- SUPPLIED DATA -
━━━━━━━━

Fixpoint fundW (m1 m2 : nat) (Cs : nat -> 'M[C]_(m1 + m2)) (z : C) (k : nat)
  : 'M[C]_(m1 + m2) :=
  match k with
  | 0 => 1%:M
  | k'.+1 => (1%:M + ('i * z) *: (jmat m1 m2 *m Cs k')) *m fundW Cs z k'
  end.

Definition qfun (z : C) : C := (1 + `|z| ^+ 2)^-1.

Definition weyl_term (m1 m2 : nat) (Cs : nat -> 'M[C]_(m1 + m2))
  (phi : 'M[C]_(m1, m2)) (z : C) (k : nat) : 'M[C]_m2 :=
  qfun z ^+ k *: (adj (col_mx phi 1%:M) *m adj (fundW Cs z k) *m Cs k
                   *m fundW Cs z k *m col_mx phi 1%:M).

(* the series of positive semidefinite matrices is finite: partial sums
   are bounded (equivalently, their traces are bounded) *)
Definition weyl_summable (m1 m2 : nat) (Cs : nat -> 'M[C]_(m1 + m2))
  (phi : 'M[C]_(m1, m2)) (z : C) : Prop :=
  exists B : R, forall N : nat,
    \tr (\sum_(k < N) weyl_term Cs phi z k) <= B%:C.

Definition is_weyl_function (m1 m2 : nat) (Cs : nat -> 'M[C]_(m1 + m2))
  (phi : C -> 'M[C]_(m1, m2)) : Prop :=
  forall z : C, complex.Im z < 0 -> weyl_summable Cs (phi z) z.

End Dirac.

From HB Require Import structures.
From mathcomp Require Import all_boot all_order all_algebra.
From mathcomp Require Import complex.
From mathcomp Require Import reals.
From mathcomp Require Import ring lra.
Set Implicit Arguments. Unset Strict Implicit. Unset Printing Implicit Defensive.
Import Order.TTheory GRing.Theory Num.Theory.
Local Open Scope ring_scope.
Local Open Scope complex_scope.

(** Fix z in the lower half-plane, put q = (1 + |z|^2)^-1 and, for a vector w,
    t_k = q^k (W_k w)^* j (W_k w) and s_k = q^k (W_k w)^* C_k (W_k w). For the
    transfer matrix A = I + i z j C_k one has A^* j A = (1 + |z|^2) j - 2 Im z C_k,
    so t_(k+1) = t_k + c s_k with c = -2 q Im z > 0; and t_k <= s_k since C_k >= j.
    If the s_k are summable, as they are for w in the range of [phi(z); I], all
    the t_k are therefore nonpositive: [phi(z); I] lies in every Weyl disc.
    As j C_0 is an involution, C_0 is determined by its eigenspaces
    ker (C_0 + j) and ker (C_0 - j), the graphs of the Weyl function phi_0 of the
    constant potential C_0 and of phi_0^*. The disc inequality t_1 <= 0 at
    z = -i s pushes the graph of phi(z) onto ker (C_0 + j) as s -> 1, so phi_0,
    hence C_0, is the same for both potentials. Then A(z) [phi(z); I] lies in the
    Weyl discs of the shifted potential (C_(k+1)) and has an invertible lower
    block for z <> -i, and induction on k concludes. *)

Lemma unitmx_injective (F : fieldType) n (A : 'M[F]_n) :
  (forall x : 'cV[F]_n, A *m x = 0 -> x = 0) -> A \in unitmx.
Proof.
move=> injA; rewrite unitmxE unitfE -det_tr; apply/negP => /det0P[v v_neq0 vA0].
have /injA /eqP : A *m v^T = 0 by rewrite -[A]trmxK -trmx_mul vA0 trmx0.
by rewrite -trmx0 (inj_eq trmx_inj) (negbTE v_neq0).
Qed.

━━━━━━━━

- PROBLEM TO WORK ON -
From the records above, print only the lines between the one holding "Weyl discs of" and the one holding "move=> injA; rewrite", inclusive, exactly as they stand.

- TASK OUTPUT -
    Weyl discs of the shifted potential (C_(k+1)) and has an invertible lower
    block for z <> -i, and induction on k concludes. *)

Lemma unitmx_injective (F : fieldType) n (A : 'M[F]_n) :
  (forall x : 'cV[F]_n, A *m x = 0 -> x = 0) -> A \in unitmx.
Proof.
move=> injA; rewrite unitmxE unitfE -det_tr; apply/negP => /det0P[v v_neq0 vA0].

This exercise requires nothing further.